> **Activity**
Lines in which "pred" appears should be pulled from the data below.

> **Working data**
>>>

(* Let $M, K, P, N$ be positive integers with $M \le K \le P$ and such that $P$ divides $N$. Let $\mathbf{A} = [\mathbf{a}_1, \ldots, \mathbf{a}_M]^T \in \mathbb{R}^{M \times N}$ be any matrix, and let $\mathbf{B} \in \mathbb{R}^{P \times K}$ be a matrix such that every square sub-matrix of $\mathbf{B}$ is invertible. For vectors $\mathbf{z}_1, \ldots, \mathbf{z}_{K-M} \in \mathbb{R}^N$, let $\tilde{\mathbf{A}} = [\mathbf{a}_1, \ldots, \mathbf{a}_M, \mathbf{z}_1, \ldots, \mathbf{z}_{K-M}]^T \in \mathbb{R}^{K \times N}$ be the matrix obtained by appending the rows $\mathbf{z}_1^T, \ldots, \mathbf{z}_{K-M}^T$ to $\mathbf{A}$. Then there exists a choice of $\mathbf{z}_1, \ldots, \mathbf{z}_{K-M}$ such that every row of $\mathbf{F} = \mathbf{B}\tilde{\mathbf{A}}$ has sparsity at most $s = \frac{N}{P}(P-K+M)$.
   Context: The sparsity of a vector is its number of nonzero entries. A square sub-matrix of $\mathbf{B}$ is a matrix obtained by selecting some set of $r$ rows and some set of $r$ columns of $\mathbf{B}$ (for any $r \ge 1$). *)

From HB Require Import structures.
From mathcomp Require Import all_boot all_order all_algebra.
From mathcomp Require Import reals.
Set Implicit Arguments. Unset Strict Implicit. Unset Printing Implicit Defensive.
Import Order.TTheory GRing.Theory Num.Theory.
Local Open Scope ring_scope.

Definition sparsity (R : ringType) (n : nat) (v : 'rV[R]_n) : nat :=
  #|[set j : 'I_n | v 0 j != 0]|.

Definition all_square_submx_invertible (R : fieldType) (p k : nat)
    (B : 'M[R]_(p, k)) : Prop :=
  forall (r : nat) (f : 'I_r -> 'I_p) (g : 'I_r -> 'I_k),
    (0 < r)%N -> injective f -> injective g ->
    mxsub f g B \in unitmx.

Definition append_rows (R : Type) (M K N : nat) (hMK : (M <= K)%N)
    (A : 'M[R]_(M, N)) (Z : 'M[R]_(K - M, N)) : 'M[R]_(K, N) :=
  castmx (subnKC hMK, erefl N) (col_mx A Z).

(* Write B = [B1 | B2] with B1 the first M columns, so that F = B1 A + B2 Z.
   To column j attach the cyclic window of rows {i : (i + j) mod P < K - M};
   those K - M rows of B2 form an invertible square submatrix, so column j of Z
   can be chosen to make column j of F vanish on the window.  A fixed row i is
   outside the window of column j for exactly P - (K - M) residues of j modulo P,
   hence for N/P (P - K + M) columns j. *)

From HB Require Import structures.
From mathcomp Require Import all_boot all_order all_algebra.
From mathcomp Require Import reals.
From mathcomp Require Import zify.

Set Implicit Arguments.
Unset Strict Implicit.
Unset Printing Implicit Defensive.
Import Order.TTheory GRing.Theory Num.Theory.

Lemma card_ord_count (n : nat) (q : pred nat) :
  #|[set j : 'I_n | q j]| = count q (iota 0 n).
Proof.
rewrite -sum1_count -sum1_card.
have -> : iota 0 n = index_iota 0 n by rewrite /index_iota subn0.
by rewrite big_mkord; apply: eq_bigl => j; rewrite inE.
Qed.

Lemma count_iota_mod (p L : nat) (a : pred nat) :
  count (fun j => a (j %% p)) (iota 0 (L * p)) = L * count a (iota 0 p).
Proof.
elim: L => [//|L IH]; rewrite mulSnr iotaD count_cat IH mulSnr; congr (_ + _).
rewrite add0n -[L * p]addn0 iotaDl count_map.
by apply: eq_in_count => j; rewrite mem_iota => ltjp; rewrite /= modnMDl modn_small.
Qed.

Lemma card_ord_mod (p N : nat) (a : pred nat) : p %| N ->
  #|[set j : 'I_N | a (j %% p)]| = N %/ p * #|[set b : 'I_p | a b]|.
Proof.
move=> dvd_pN; rewrite (card_ord_count _ (fun j => a (j %% p))) card_ord_count.
by rewrite -{1}(divnK dvd_pN) count_iota_mod.
Qed.

Lemma card_ord_geq (n k : nat) : #|[set b : 'I_n | k <= b]| = n - k.
Proof.
rewrite card_ord_count; elim: n => [//|n IH].
by rewrite -addn1 iotaD count_cat IH /=; case: leqP; lia.
Qed.

Local Open Scope ring_scope.

Lemma mulmx_castmx_col_mx (R : pzRingType) (p m1 m2 m n : nat)
    (e : (m1 + m2)%N = m) (B : 'M[R]_(p, m)) (A : 'M_(m1, n)) (Z : 'M_(m2, n)) :
  B *m castmx (e, erefl n) (col_mx A Z) =
  colsub (cast_ord e \o lshift m2) B *m A + colsub (cast_ord e \o @rshift m1 m2) B *m Z.
Proof.
case: m / e B => B; rewrite castmx_id -{1}[B]hsubmxK mul_row_col.
rewrite lsubmxEsub rsubmxEsub; congr (_ + _); congr (_ *m _).
all: by apply/matrixP => i j; rewrite !mxE; congr (B _ _); apply: val_inj.
Qed.

Lemma rows_cancelable_columnwise (R : comUnitRingType) (p k n : nat)
    (B : 'M[R]_(p, k)) (Y : 'M[R]_(p, n)) (f : 'I_n -> 'I_k -> 'I_p) :
    (forall j, rowsub (f j) B \in unitmx) ->
  exists Z : 'M_(k, n), forall j t, (Y + B *m Z) (f j t) j = 0.
Proof.
move=> unitB; pose W j := - (invmx (rowsub (f j) B) *m rowsub (f j) Y).
exists (\matrix_(t, j) W j t j) => j t; rewrite [LHS]mxE.
have -> : (B *m \matrix_(t, j) W j t j) (f j t) j = (rowsub (f j) B *m W j) t j.
  by rewrite !mxE; apply: eq_bigr => l _; rewrite !mxE.
by rewrite /W mulmxN mulKVmx // !mxE subrr.
Qed.

Lemma all_square_submx_unitmx (R : fieldType) (p q r : nat) (B : 'M[R]_(p, q))
    (f : 'I_r -> 'I_p) (g : 'I_r -> 'I_q) :
  all_square_submx_invertible B -> injective f -> injective g ->
  mxsub f g B \in unitmx.
Proof.
case: r f g => [|r] f g hB injf injg; last exact: hB.
by rewrite unitmxE det_mx00 unitr1.
Qed.

Section CyclicWindow.

Variables (p k : nat).
Hypothesis (k_le_p : (k <= p.+1)%N).

Definition cyclic_window (c : 'I_p.+1) (t : 'I_k) : 'I_p.+1 := inord t - c.

Lemma cyclic_window_inj (c : 'I_p.+1) : injective (cyclic_window c).
Proof.
have ltSp (t : 'I_k) : (t < p.+1)%N by apply: leq_trans (ltn_ord t) k_le_p.
move=> t t' /addIr /(congr1 (@nat_of_ord _)); rewrite !inordK ?ltSp //.
exact: val_inj.
Qed.

Lemma cyclic_windowK (c i : 'I_p.+1) (lt_ic_k : ((i + c)%R < k)%N) :
  cyclic_window c (Ordinal lt_ic_k) = i.
Proof. by rewrite /cyclic_window (inord_val (i + c)) addrK. Qed.

Lemma card_outside_cyclic_windows (N : nat) (i : 'I_p.+1) : (p.+1 %| N)%N ->
  #|[set j : 'I_N | (k <= (i + inZp j)%R)%N]| = (N %/ p.+1 * (p.+1 - k))%N.
Proof.
move=> dvd_pN; rewrite (card_ord_mod (fun b => k <= (i + b) %% p.+1)%N) //.
rewrite -(card_ord_geq _ k) -[in RHS](card_preimset _ (addrI i)).
by congr (_ * _)%N; apply: eq_card => b; rewrite !inE.
Qed.

End CyclicWindow.

Theorem lemma2 (R : realType) (M K P N : nat)
  (hM : (0 < M)%N) (hK : (0 < K)%N) (hP : (0 < P)%N) (hN : (0 < N)%N)
  (hMK : (M <= K)%N) (hKP : (K <= P)%N) (hPN : (P %| N)%N)
  (A : 'M[R]_(M, N)) (B : 'M[R]_(P, K))
  (hB : all_square_submx_invertible B) :
  exists Z : 'M[R]_(K - M, N),
    forall i : 'I_P,
      (sparsity (row i (B *m append_rows hMK A Z)) <= N %/ P * (P - K + M))%N.
Proof.
case: P hP hKP hPN B hB => [//|p] _ hKP hPN B hB.
set k := (K - M)%N; have k_le_p : (k <= p.+1)%N by rewrite /k; lia.
pose window (j : 'I_N) : 'I_k -> 'I_p.+1 := cyclic_window (inZp j).
pose B1 := colsub (cast_ord (subnKC hMK) \o lshift k) B.
pose B2 := colsub (cast_ord (subnKC hMK) \o @rshift M k) B.
have B2_unit j : rowsub (window j) B2 \in unitmx.
  rewrite -mxsubrc; apply: all_square_submx_unitmx hB (@cyclic_window_inj _ _ k_le_p _) _.
  exact: inj_comp (@cast_ord_inj _ _ _) (@rshift_inj M k).
have [Z zero_on_windows] := rows_cancelable_columnwise (B1 *m A) B2_unit.
exists Z => i; rewrite /append_rows mulmx_castmx_col_mx.
apply: (@leq_trans #|[set j : 'I_N | (k <= (i + inZp j)%R)%N]|).
  apply/subset_leq_card/subsetP => j; rewrite !inE mxE; apply: contraR.
  by rewrite -ltnNge => in_window; rewrite -(cyclic_windowK in_window) zero_on_windows.
by rewrite card_outside_cyclic_windows // leq_mul //; lia.
Qed.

<<<

> **Solution to this task**
Lemma card_ord_count (n : nat) (q : pred nat) :
Lemma count_iota_mod (p L : nat) (a : pred nat) :
Lemma card_ord_mod (p N : nat) (a : pred nat) : p %| N ->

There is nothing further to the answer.